Jobs I don't want? Advertising. 
Jobs I do want? Studio Calico. American Crafts. Yellow Shoes at Disney. It's good to dream right? 

When I call my husband to relay what the career advisor has informed me about a special job postings board exclusive to up and coming Full Sail graduates, my husband gives me the "I told you so". I've been feeling a little depressed about the jobs coming up in my searches, and then several local art school teacher jobs came and went because I couldn't get the certifications in time. He reassured me that we had time, and that he was certain the school wouldn't leave me high and dry. (I hate when he gets to be right.) 

And ultimately? I think about having to get a job based on my talent and it totally terrifies me. That + the fact I live essentially in a giant cow pasture of a town. 

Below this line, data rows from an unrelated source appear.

(* Let $A$ be a finite alphabet. Every infinite LSP word over $A$ is $S_{\rm bLSP}(A)$-adic.
   Context: A finite word $u$ is a left special factor of a word $w$ if there are distinct letters $x\neq y$ with $xu$ and $yu$ factors of $w$. A word is LSP if every left special factor of it is a prefix of it. A bLSP morphism on $A$ is an endomorphism $f$ of $A^*$ such that there is a letter $\alpha$ with $f(\alpha)=\alpha$ and, for every letter $\beta\neq\alpha$, there is a letter $\gamma$ with $f(\beta)=f(\gamma)\beta$; $S_{\rm bLSP}(A)$ is the set of all such morphisms. For a set $S$ of morphisms, an infinite word $\mathbf{w}$ is $S$-adic if there exist $(f_n)_{n\ge1}$ in $S$ and infinite words $(\mathbf{w}_n)_{n\ge1}$ with $\mathbf{w}_1=\mathbf{w}$ and $\mathbf{w}_n=f_n(\mathbf{w}_{n+1})$ for all $n\ge1$. *)

From mathcomp Require Import all_boot.
Set Implicit Arguments. Unset Strict Implicit. Unset Printing Implicit Defensive.

Definition infword (A : Type) := nat -> A.

Definition pref (A : Type) (w : infword A) (n : nat) : seq A := mkseq w n.

Definition factor_inf (A : Type) (u : seq A) (w : infword A) : Prop :=
  exists i, mkseq (fun k => w (i + k)) (size u) = u.

Definition prefix_inf (A : Type) (u : seq A) (w : infword A) : Prop :=
  pref w (size u) = u.

Definition left_special (A : eqType) (u : seq A) (w : infword A) : Prop :=
  exists x y : A, x <> y /\ factor_inf (x :: u) w /\ factor_inf (y :: u) w.

Definition LSP (A : eqType) (w : infword A) : Prop :=
  forall u : seq A, left_special u w -> prefix_inf u w.

(* An endomorphism of A^* is determined by the images of the letters. *)
Definition morphism (A : Type) := A -> seq A.

Definition morph_app (A : Type) (f : morphism A) (u : seq A) : seq A :=
  flatten (map f u).

(* [image_inf f w' w] : the image f(w') of the infinite word w' is the
   infinite word w, i.e. f(w') is infinite and w is its limit. *)
Definition image_inf (A : Type) (f : morphism A) (w' w : infword A) : Prop :=
  (forall n, prefix_inf (morph_app f (pref w' n)) w) /\
  (forall m, exists n, m <= size (morph_app f (pref w' n))).

Definition bLSP (A : eqType) (f : morphism A) : Prop :=
  exists alpha : A, f alpha = [:: alpha] /\
    forall beta : A, beta <> alpha ->
      exists gamma : A, f beta = rcons (f gamma) beta.

(* S-adic words (indices shifted to start at 0) *)
Definition S_adic (A : Type) (S : morphism A -> Prop) (w : infword A) : Prop :=
  exists (f : nat -> morphism A) (ws : nat -> infword A),
    (forall n, S (f n)) /\ ws 0 = w /\
    (forall n, image_inf (f n) (ws n.+1) (ws n)).

From mathcomp Require Import all_boot zify.
From Stdlib Require Import ClassicalEpsilon.

Set Implicit Arguments. Unset Strict Implicit. Unset Printing Implicit Defensive.

(* Let alpha be the first letter of an LSP word w.  A letter b <> alpha is not
   left special, so the letter preceding any occurrence of b is determined by b;
   hence the factor of w running from the last alpha before an occurrence of b
   up to that b depends on b only: call it f(b), and set f(alpha) = alpha.
   Then f is a bLSP morphism, and cutting w before each alpha writes
   w = f(w'), where w' lists the last letters of the blocks.  If x u and y u
   occur in w' with x <> y, then x f(u) alpha and y f(u) alpha occur in w, so
   f(u) alpha is a prefix of w = f(w'); as the letter alpha marks the block
   boundaries, u is a prefix of w'.  So w' is LSP again, and the
   desubstitution can be iterated. *)

Section Mkseq.
Variable T : Type.
Implicit Types g h : nat -> T.

Lemma eq_in_mkseq g h n : (forall k, k < n -> g k = h k) -> mkseq g n = mkseq h n.
Proof. by move=> E; apply/eq_in_map => k; rewrite mem_iota => /andP[_ /E]. Qed.

Lemma mkseq_eq_in g h n : mkseq g n = mkseq h n -> forall k, k < n -> g k = h k.
Proof. by move=> /eq_in_map E k lt_kn; apply: E; rewrite mem_iota. Qed.

Lemma mkseqD g m n : mkseq g (m + n) = mkseq g m ++ mkseq (fun k => g (m + k)) n.
Proof. by rewrite /mkseq iotaD map_cat -[0 + m]addn0 iotaDl -map_comp. Qed.

Lemma mkseq_cons g n : mkseq g n.+1 = g 0 :: mkseq (fun k => g k.+1) n.
Proof. by rewrite -add1n mkseqD. Qed.

End Mkseq.

Lemma S_adic_of_desubstitution (A : Type) (S : morphism A -> Prop)
    (P : infword A -> Prop) :
  (forall v, P v -> exists g v', [/\ S g, P v' & image_inf g v' v]) ->
  forall w, P w -> S_adic S w.
Proof.
move=> desub w Pw.
have step (v : {v | P v}) :
    {gv : morphism A * {v | P v} | S gv.1 /\ image_inf gv.1 (sval gv.2) (sval v)}.
  case: v => v Pv; apply: constructive_indefinite_description.
  have [g [v' [Sg Pv' im]]] := desub v Pv.
  by exists (g, exist _ v' Pv').
pose W := fix W n := if n is n.+1 then (sval (step (W n))).2 else exist P w Pw.
exists (fun n => (sval (step (W n))).1), (fun n => sval (W n)).
split=> [n|]; first exact: (svalP (step (W n))).1.
by split=> // n; apply: (svalP (step (W n))).2.
Qed.

Section LSPDesubstitution.
Variables (A : finType) (w : infword A).
Hypothesis w_LSP : LSP w.
Local Notation alpha := (w 0).

Lemma LSP_pred_eq i j : w i.+1 = w j.+1 -> w i.+1 <> alpha -> w i = w j.
Proof.
move=> eq_ij neq_alpha; case: (eqVneq (w i) (w j)) => // neq_pred.
have special : left_special [:: w i.+1] w.
  exists (w i), (w j); split; first exact/eqP.
  by split; [exists i | exists j]; rewrite /mkseq /= addn0 addn1 ?eq_ij.
by case: neq_alpha; case: (w_LSP special).
Qed.

Fixpoint block_to (p : nat) : seq A :=
  if p is q.+1 then
    if w q.+1 == alpha then [:: alpha] else rcons (block_to q) (w q.+1)
  else [:: alpha].

Lemma block_to_first p : w p = alpha -> block_to p = [:: alpha].
Proof. by case: p => //= q ->; rewrite eqxx. Qed.

Lemma block_to_eq p p' : w p = w p' -> block_to p = block_to p'.
Proof.
elim: p p' => [|q IH] p' eq_pp'; first by rewrite (block_to_first (esym eq_pp')).
have [first_q|not_first_q] := eqVneq (w q.+1) alpha.
  by rewrite (block_to_first first_q) block_to_first // -eq_pp'.
case: p' eq_pp' => [|q'] eq_pp'; first by rewrite eq_pp' eqxx in not_first_q.
rewrite /= -eq_pp' (negbTE not_first_q); congr rcons.
by apply/IH/LSP_pred_eq => //; apply/eqP.
Qed.

Lemma block_toE s p : s <= p -> w s = alpha ->
    (forall q, s < q <= p -> w q <> alpha) ->
  block_to p = mkseq (fun k => w (s + k)) (p - s).+1.
Proof.
elim: p => [|p IH] le_sp first_s gap; first by have -> : s = 0 by lia.
have [eq_sp|neq_sp] := eqVneq s p.+1.
  by subst s; rewrite subnn /= first_s eqxx /mkseq /= addn0 first_s.
have not_first_p : w p.+1 <> alpha by apply: gap; lia.
rewrite /= subSn; last by lia.
rewrite mkseqS; case: eqP => // _.
rewrite IH //; [|lia|by move=> q lt_q; apply: gap; lia].
by congr rcons; congr w; lia.
Qed.

Lemma size_block_to_add n k : (forall q, n < q <= n + k -> w q <> alpha) ->
  size (block_to (n + k)) = size (block_to n) + k.
Proof.
elim: k => [|k IH] gap; first by rewrite !addn0.
rewrite addnS /=; case: eqP => [first_nk|_].
  by case: (gap (n + k).+1) => //; lia.
by rewrite size_rcons IH ?addnS // => q lt_q; apply: gap; lia.
Qed.

(* Otherwise the |A|+1 blocks ending after n would have pairwise distinct
   lengths, although a block is determined by its last letter. *)
Lemma first_letter_recurrent n : exists m, (n < m) && (w m == alpha).
Proof.
case: (boolP [exists i : 'I_#|A|.+1, w (n + i.+1) == alpha]).
  by case/existsP=> i first_i; exists (n + i.+1); rewrite first_i andbT; lia.
rewrite negb_exists => /forallP no_first.
have gap q : n < q <= n + #|A|.+1 -> w q <> alpha.
  move=> lt_q; have lt_i : q - n - 1 < #|A|.+1 by lia.
  have -> : q = n + (Ordinal lt_i).+1 by rewrite /=; lia.
  by move/eqP; apply/negP/no_first.
pose g (i : 'I_#|A|.+1) := w (n + i.+1).
have g_inj : injective g.
  move=> i j /block_to_eq/(congr1 size); rewrite -!addSnnS !size_block_to_add.
  - by move/addnI/val_inj.
  - by move=> q lt_q; apply: gap; have := ltn_ord j; lia.
  - by move=> q lt_q; apply: gap; have := ltn_ord i; lia.
by have := leq_card g g_inj; rewrite card_ord; lia.
Qed.

Definition next_first (n : nat) : nat := ex_minn (first_letter_recurrent n).

Lemma next_firstP n : [/\ n < next_first n, w (next_first n) = alpha &
  forall q, n < q < next_first n -> w q <> alpha].
Proof.
rewrite /next_first; case: ex_minnP => m /andP[lt_nm /eqP first_m] min_m.
split=> // q lt_q first_q.
suff : m <= q by lia.
by apply: min_m; rewrite first_q eqxx andbT; lia.
Qed.

Fixpoint occ (k : nat) : nat := if k is k.+1 then next_first (occ k) else 0.

Lemma occ_lt k : occ k < occ k.+1.
Proof. by case: (next_firstP (occ k)). Qed.

Lemma occ_first k : w (occ k) = alpha.
Proof. by case: k => //= k; case: (next_firstP (occ k)). Qed.

Lemma occ_gap k q : occ k < q < occ k.+1 -> w q <> alpha.
Proof. by case: (next_firstP (occ k)) => _ _; apply. Qed.

Lemma occ_mono : {homo occ : k l / k <= l}.
Proof. by apply: homo_leq => [//|l k m|k]; [apply: leq_trans | apply/ltnW/occ_lt]. Qed.

Lemma occ_ge k : k <= occ k.
Proof. by elim: k => // k IH; apply: leq_ltn_trans IH (occ_lt k). Qed.

Lemma occ_next k m : occ k < m -> w m = alpha ->
  (forall q, occ k < q < m -> w q <> alpha) -> m = occ k.+1.
Proof.
move=> lt_km first_m gap; case: (ltngtP m (occ k.+1)) => // [lt_m|gt_m].
- by case: (@occ_gap k m); rewrite ?lt_km.
- by case: (gap (occ k.+1)); [rewrite occ_lt | apply: occ_first].
Qed.

Definition derived (n : nat) : A := w (occ n.+1).-1.

(* Letters not occurring in w get the block [alpha; b], keeping [block] bLSP. *)
Definition block (b : A) : seq A :=
  match excluded_middle_informative (exists p, w p = b) with
  | left occurs => block_to (proj1_sig (constructive_indefinite_description _ occurs))
  | right _ => [:: alpha; b]
  end.

Lemma block_letter p : block (w p) = block_to p.
Proof.
rewrite /block; case: excluded_middle_informative => [occurs|[]]; last by exists p.
by case: constructive_indefinite_description => /= p'; apply: block_to_eq.
Qed.

Lemma block_derived m :
  block (derived m) = mkseq (fun k => w (occ m + k)) (occ m.+1 - occ m).
Proof.
have lt_m := occ_lt m.
rewrite /derived block_letter (@block_toE (occ m)) ?occ_first //; last first.
- by move=> q lt_q; apply: (occ_gap (k := m)); lia.
- lia.
- by congr mkseq; lia.
Qed.

Lemma morph_app_block_derived i n :
  morph_app block (mkseq (fun k => derived (i + k)) n) =
  mkseq (fun k => w (occ i + k)) (occ (i + n) - occ i).
Proof.
elim: n => [|n IH]; first by rewrite addn0 subnn.
rewrite mkseqS /morph_app map_rcons flatten_rcons -/(morph_app _ _) IH block_derived.
have le_in := occ_mono (leq_addr n i); have lt_in := occ_lt (i + n).
have -> : occ (i + n.+1) - occ i =
  (occ (i + n) - occ i) + (occ (i + n).+1 - occ (i + n)) by rewrite addnS; lia.
rewrite mkseqD; congr cat; apply: eq_in_mkseq => k _; congr w; lia.
Qed.

Lemma bLSP_block : bLSP block.
Proof.
exists alpha; split=> [|b neq_b]; first by rewrite block_letter.
case: (excluded_middle_informative (exists p, w p = b)) => [[p eq_b]|not_occ].
  subst b; case: p neq_b => [//|q] not_first_q.
  by exists (w q); rewrite !block_letter /=; case: eqP.
exists alpha; rewrite block_letter /block.
by case: excluded_middle_informative.
Qed.

Lemma image_block_derived : image_inf block derived w.
Proof.
have image_pref n : morph_app block (pref derived n) = mkseq w (occ n).
  by rewrite [LHS](morph_app_block_derived 0) subn0.
split=> [n|m]; first by rewrite /prefix_inf image_pref size_mkseq.
by exists m; rewrite image_pref size_mkseq occ_ge.
Qed.

Lemma rcons_morph_app_block_derived i n :
  rcons (morph_app block (mkseq (fun k => derived (i + k)) n)) alpha =
  mkseq (fun k => w (occ i + k)) (occ (i + n) - occ i).+1.
Proof.
by rewrite morph_app_block_derived mkseqS subnKC ?occ_first // occ_mono ?leq_addr.
Qed.

Lemma factor_derived_cons i m :
  factor_inf (derived i :: mkseq (fun k => w (occ i.+1 + k)) m) w.
Proof.
have lt_i := occ_lt i.
exists (occ i.+1).-1; rewrite [size _]/= size_mkseq mkseq_cons addn0; congr cons.
by apply: eq_in_mkseq => k _; congr w; lia.
Qed.

Section Shift.
Variables a L : nat.
Hypothesis agree : forall k, k <= occ (a + L) - occ a -> w k = w (occ a + k).

Lemma occ_shift k : k <= L -> occ (a + k) = occ a + occ k.
Proof.
elim: k => [|k IH] le_kL; first by rewrite !addn0.
have {}IH := IH (ltnW le_kL).
have le_akL := occ_mono (leq_add (leqnn a) le_kL).
have lt_ak := occ_lt (a + k).
rewrite addnS in le_akL *.
suff : occ (a + k).+1 - occ a = occ k.+1 by lia.
apply: occ_next; first lia.
- by rewrite agree ?subnKC ?occ_first //; lia.
- by move=> q lt_q; rewrite agree; [apply: (@occ_gap (a + k)) | ]; lia.
Qed.

Lemma derived_shift k : k < L -> derived (a + k) = derived k.
Proof.
move=> lt_kL; have shift := occ_shift lt_kL.
have le_akL := occ_mono (leq_add (leqnn a) lt_kL).
have lt_k := occ_lt k.
rewrite /derived -addnS shift.
have -> : (occ a + occ k.+1).-1 = occ a + (occ k.+1).-1 by lia.
by rewrite -agree //; lia.
Qed.

End Shift.

Lemma LSP_derived : LSP derived.
Proof.
move=> u [x [y [neq_xy [[i xu_at_i] [j yu_at_j]]]]].
move: xu_at_i yu_at_j; rewrite /= !mkseq_cons !addn0 => -[x_at_i u_at_i] [y_at_j u_at_j].
subst x y; set L := size u in u_at_i u_at_j *.
have u_from l : mkseq (fun k => derived (l + k.+1)) L = u ->
    u = mkseq (fun k => derived (l.+1 + k)) L.
  by move=> <-; apply: eq_in_mkseq => k _; rewrite addnS.
have pre : prefix_inf (rcons (morph_app block u) alpha) w.
  apply: w_LSP; exists (derived i), (derived j); split=> //.
  split; [rewrite (u_from i) | rewrite (u_from j)] => //;
    rewrite rcons_morph_app_block_derived; apply: factor_derived_cons.
rewrite /prefix_inf (u_from i) // rcons_morph_app_block_derived size_mkseq in pre.
have agree := mkseq_eq_in pre.
rewrite /prefix_inf /pref (u_from i) // size_mkseq; apply: eq_in_mkseq => k lt_k.
by rewrite (derived_shift (a := i.+1) (L := L)) // => l le_l; apply: agree.
Qed.

End LSPDesubstitution.

Theorem proposition1 (A : finType) (w : nat -> A) :
  LSP w -> S_adic (@bLSP A) w.
Proof.
apply: S_adic_of_desubstitution => v v_LSP.
exists (block v), (derived v_LSP).
by split; [apply: bLSP_block | apply: LSP_derived | apply: image_block_derived].
Qed.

I guess what I'm trying to say is getting a degree seems like such a monumental life changing thing, and it is, but it's a bunch of little steps strung together that pile up to get you to the top of that giant mountain. It's a one-foot-in-front-of-the-other, not-trying-to-predict-the-future movement. You just keep your head down and stumble like a zombie from one thing to the next, until one day there are no more 'nexts' in line, at least not the ones that pertain to that degree. 

In February of 2013, I had a 2 year old around the clock, and thought "How am I going to do this?" April 2014, my Oma passed away, and I thought "I can't do this, I just can't do this." It's June 2015, I have no idea where I will end up, but "Hell yeah, I got this!" 



  1. This is awesome. You. Are. AWESOME! And each work in this post just reconfirmed to me that you have so many beautiful things to say and you do have a beautiful future ahead of you, made even brighter by the sacrifices you made over the last few years in particular, all the little steps and the degree that will have your name on it. Congratulations. I am so impressed. I can't wait to see where all of your next steps lead.

  2. This post is absolutely brilliant! Thank you so much for sharing!